The Fireblocks 提供方 reads 配置 from environment variables and key files. No additional Gateway 配置 is needed beyond placing the required files.

适用场景:

  • 企业 deployments requiring HSM-backed key storage
  • Compliance-sensitive 应用
  • High-security 生产 environments

Blockdaemon

Blockdaemon provides signing 服务 as part of their infrastructure offerings.

配置:

设置 the following environment variables:

  • BLOCKDAEMON_API_URL - The base URL for the Blockdaemon API
  • BLOCKDAEMON_API_KEY - Your Blockdaemon API key

适用场景:

  • 托管 infrastructure deployments
  • Cloud-native 应用
  • Environments leveraging Blockdaemon’s 服务

Dfns

Dfns is a crypto custody platform that provides programmable key management and signing infrastructure.

配置:

设置 the following environment variables:

  • DFNS_ORG_ID - Your Dfns organization ID
  • DFNS_BASE_URL - The Dfns API URL (defaults to https://api.dfns.io)
  • DFNS_CRED_ID - Your 服务 账户 credential ID
  • DFNS_PRIVATE_KEY - Your 服务 账户 private key (PEM format)
  • DFNS_AUTH_TOKEN - Your 服务 账户 认证 token

前置条件:

  1. 设置 up a 服务 账户 with appropriate permissions in Dfns
  2. Generate and download the 服务 账户 credentials

适用场景:

  • 企业 deployments requiring MPC-based key management
  • Programmable custody with policy controls
  • Multi-party approval 工作流
  • High-security 生产 environments

工作原理:

Dfns creates and activates Canton wallets directly through its validator 集成. When the Gateway requests a 钱包, Dfns provisions a Canton-formatted key, registers the party on the 网络, and returns the 钱包 ready for use.
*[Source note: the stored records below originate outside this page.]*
(* A cluster point on J coordinates extends to one on J + 1 coordinates;
   otherwise every p in U is excluded by some eta_p and M_p, and a finite
   subcover of the balls B(p, eta_p) yields a contradiction. *)
Lemma cluster_prefix_extend J g : cluster_prefix J g ->
  exists p, cluster_prefix J.+1 (set_coord g J p).
Proof.
move=> Hg; apply: contrapT => Hno.
have Hbad p : exists eM : R * nat, 0 < eM.1 /\ forall n, (eM.2 <= n)%N ->
    exists2 i, (i < J.+1)%N & eM.1 <= dU (set_coord g J p i) (h n i).
  apply: contrapT => Hp; apply: Hno; exists p => eta M eta_gt0.
  apply: contrapT => Hn; apply: Hp; exists (eta, M); split => // n Mn.
  apply: contrapT => Hi; apply: Hn; exists n; split => // i Hi'.
  by rewrite ltNge; apply/negP => Hle; apply: Hi; exists i.
have [bad Hbad'] := choice Hbad.
have Hcover : [set: U] `<=` \bigcup_p mball dU p (bad p).1.
  by move=> p _; exists p => //; apply: mball_center (Hbad' p).1.
have [s Hs] := hcU (fun p => mball_open hdU p (bad p).1) Hcover.
pose q j := List.nth j s (g 0%N).
have [T [eta eta_gt0 Hunif]] := @finite_common_parameters R (size s)
    (fun j T r => r <= (bad (q j)).1 /\ ((bad (q j)).2 <= T)%N)
  (fun j T T' r r' HT _ Hr H => conj (le_trans Hr H.1) (leq_trans H.2 HT))
  (fun j _ => ex_intro _ (bad (q j)).2 (ex_intro2 _ _ (bad (q j)).1 (Hbad' _).1
                                         (conj (lexx _) (leqnn _)))).
have [n [Tn Hn]] := Hg eta T eta_gt0.
have [p Hps Hpn] := Hs (h n J) I.
have [j [Hj Ej]] := List.In_nth s p (g 0%N) Hps.
have Hjs : (j < size s)%N by apply/ssrnat.ltP; rewrite size_length.
have [eta_le Tle] := Hunif j Hjs; rewrite /q Ej in eta_le Tle.
have [i Hi] := (Hbad' p).2 n (leq_trans Tle Tn).
rewrite /set_coord; case: eqP => [->|/eqP iJ]; first by rewrite leNgt Hpn.
have Hij : (i < J)%N by rewrite ltn_neqAle iJ -ltnS.
by rewrite leNgt (lt_le_trans (Hn i Hij) eta_le).
Qed.

Lemma product_cluster_point (u0 : U) :
  exists G : nat -> U, forall J, cluster_prefix J G.
Proof.
have Hstep (gJ : (nat -> U) * nat) : exists p,
    cluster_prefix gJ.2 gJ.1 -> cluster_prefix gJ.2.+1 (set_coord gJ.1 gJ.2 p).
  have [/cluster_prefix_extend [p Hp]|Hn] := pselect (cluster_prefix gJ.2 gJ.1).
    by exists p.
  by exists u0.
have [step Hstep'] := choice Hstep.
pose fix pref J := if J is J'.+1 then set_coord (pref J') J' (step (pref J', J'))
                   else fun _ => u0.
have pref_cluster J : cluster_prefix J (pref J).
  elim: J => [|J IH] /=; last exact: (Hstep' (pref J, J)).
  by move=> eta M _; exists M.
have pref_stable J i : (i < J)%N -> pref J i = pref i.+1 i.
  elim: J => [//|J IH]; rewrite ltnS leq_eqVlt => /orP [/eqP ->//|HiJ] /=.
  by rewrite /set_coord (ltn_eqF HiJ) IH.
exists (fun i => pref i.+1 i) => J.
exact: cluster_prefix_eq (pref_stable J) (pref_cluster J).
Qed.

End ProductCluster.

Section LimitControls.
Variable R : realType.
Variables (X U : Type) (d : X -> X -> R) (dU : U -> U -> R) (F : X -> U -> X).
Variable Q : set X.
Hypothesis hd : is_metric d.
Hypothesis hdU : is_metric dU.
Hypothesis hcU : mcompact dU setT.
Hypothesis hphi : phi_continuous d dU F.
Hypothesis Qne : exists q, Q q.

Lemma uniform_spanning_families (w0 : nat -> U) (eps : R) :
  bounded_inv_complexity_mean d F Q -> 0 < eps ->
  exists K : nat, exists g : nat -> nat -> (nat -> U), forall n x, Q x ->
    exists2 i, (i < K)%N &
      forall k, (1 <= k <= n.+1)%N -> mean_dist d F Q k x (g n i) < eps.
Proof.
move=> Hb eps_gt0; have [C HC] := Hb eps eps_gt0.
pose K := Num.Def.archi_bound `|C + 1|.
have CK : C + 1 < K%:R by apply: le_lt_trans (ler_norm _) (archi_boundP _).
have Hfam n : exists Fs : seq (nat -> U),
    spanning_mean d F n.+1 eps Q Fs /\ (size Fs < K)%N.
  have : (r_inv_mean d F n.+1 eps Q < (C + 1)%:E)%E.
    by apply: le_lt_trans (HC n.+1 isT) _; rewrite lte_fin ltrDl.
  move/ereal_inf_lt => [_ [Fs HFs <-]]; rewrite lte_fin => HsizeC.
  by exists Fs; split => //; rewrite -(ltr_nat R); apply: lt_trans HsizeC CK.
have [Fam HFam] := choice Hfam.
exists K, (fun n i => List.nth i (Fam n) w0) => n x Qx.
have [Hspan Hsize] := HFam n.
move: Qx; rewrite {1}Hspan => -[w Hw [_ Hmean]].
have [i [Hi Ei]] := List.In_nth (Fam n) w w0 Hw.
exists i; last by rewrite Ei.
by apply: ltn_trans Hsize; apply/ssrnat.ltP; rewrite size_length.
Qed.

Lemma mean_unbounded_robust (eps : R) x w : ~ mean_bounded d F Q eps w x ->
  exists T, exists2 r, 0 < r & forall w',
    (forall t, (t < T)%N -> dU (w t) (w' t) < r) ->
    exists k, (1 <= k <= T)%N /\ eps <= mean_dist d F Q k x w'.
Proof.
move=> Hx; have [k [k_gt0 Hk]] : exists k, (0 < k)%N /\ eps < mean_dist d F Q k x w.
  apply: contrapT => Hno; apply: Hx => k k_gt0.
  by rewrite leNgt; apply/negP => Hlt; apply: Hno; exists k.
have [T [r r_gt0 [kT Hr]]] := mean_lower_bound_stable hd hphi Qne k_gt0 Hk.
by exists T, r => // w' Hw'; exists k; rewrite k_gt0 kT; split => //; apply: Hr.
Qed.

(* Interleaving the families g n as one sequence of controls and taking a
   product cluster point G, the K controls t |-> G (t K + i) work for all
   times: if all of them failed at x, each failure would persist near G,
   contradicting the spanning property of some g n close to G. *)
Lemma limit_controls (w0 : nat -> U) (eps : R) :
  bounded_inv_complexity_mean d F Q -> 0 < eps ->
  exists K : nat, exists Gc : nat -> nat -> U, forall x, Q x ->
    exists2 i, (i < K)%N & mean_bounded d F Q eps (Gc i) x.
Proof.
move=> Hb eps_gt0; have [K [g Hg]] := uniform_spanning_families w0 Hb eps_gt0.
have K_gt0 : (0 < K)%N.
  by case: Qne => q Qq; have [i Hi _] := Hg 0%N q Qq; apply: leq_ltn_trans Hi.
pose h n j := g n (j %% K)%N (j %/ K)%N.
have [G HG] := product_cluster_point hdU hcU h (w0 0%N).
pose Gc i t := G (t * K + i)%N.
exists K, Gc => x Qx; apply: contrapT => Hno.
pose Fails i T r := forall w',
  (forall t, (t < T)%N -> dU (Gc i t) (w' t) < r) ->
  exists k, (1 <= k <= T)%N /\ eps <= mean_dist d F Q k x w'.
have Fails_mono i T T' r r' : (T <= T')%N -> 0 < r' -> r' <= r ->
    Fails i T r -> Fails i T' r'.
  move=> TT' _ rr' HF w' Hw'.
  have Hw'T t : (t < T)%N -> dU (Gc i t) (w' t) < r.
    by move=> Ht; apply: lt_le_trans (Hw' t (leq_trans Ht TT')) rr'.
  have [k [/andP [k_gt0 kT] Hk]] := HF w' Hw'T.
  by exists k; rewrite k_gt0 (leq_trans kT TT').
have Hfail i : (i < K)%N -> exists T, exists2 r, 0 < r & Fails i T r.
  by move=> Hi; apply: mean_unbounded_robust => HA; apply: Hno; exists i.
have [T [r r_gt0 Hunif]] := finite_common_parameters Fails_mono Hfail.
have [n [Tn Hn]] := HG (T * K)%N r T r_gt0.
have [i Hi Hgi] := Hg n x Qx.
have Hclose t : (t < T)%N -> dU (Gc i t) (g n i t) < r.
  move=> Ht; have := Hn (t * K + i)%N ltac:(nia).
  by rewrite /h modnMDl (modn_small Hi) divnMDl // (divn_small Hi) addn0.
have [k [Hk Heps]] := Hunif i Hi (g n i) Hclose.
have : mean_dist d F Q k x (g n i) < eps.
  by apply: Hgi; case/andP: Hk => -> /= kT; apply: leq_trans kT (leq_trans Tn _).
by rewrite ltNge Heps.
Qed.

End LimitControls.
When signing a prepared 交易, Dfns broadcasts it to Canton in a single step and returns the resulting update ID. Only Canton and CantonTestnet 网络 wallets are supported.

选择提供方

创建时 a new party through the 用户 API or web UI, you can select which signing 提供方 to use. The choice depends on your security requirements, infrastructure setup, and compliance needs.

建议:

  • 开发/测试: Use 钱包 Gateway (internal) or 参与者-based signing
  • 生产 (企业): Use Fireblocks, Dfns, or 参与者-based signing
  • 生产 (托管): Use Blockdaemon, Dfns, or 参与者-based signing

The signing 提供方 is selected per-party, so you can have different Party using different 提供方 within the same Gateway instance.

密钥管理

Each 提供方 handles key management differently:

  • 钱包 Gateway: Keys are stored in the signing store database
  • 参与者: Keys are managed by the Canton 参与者 node
  • Fireblocks: Keys are stored in Fireblocks’ secure infrastructure (HSM-backed)
  • Blockdaemon: Keys are managed by Blockdaemon’s infrastructure
  • Dfns: Keys are managed by Dfns’ secure infrastructure

迁移时 between 提供方, keys cannot be directly transferred. You’ll need to:

  1. 创建 a new party with the new 提供方
  2. 转账 any assets/合约 to the new party
  3. 更新 your dApp to use the new party

本文由 CC Privacy Club 根据 Canton Network 官方文档(CC-BY-4.0)整理翻译,仅供学习;实现细节以官方最新版本为准。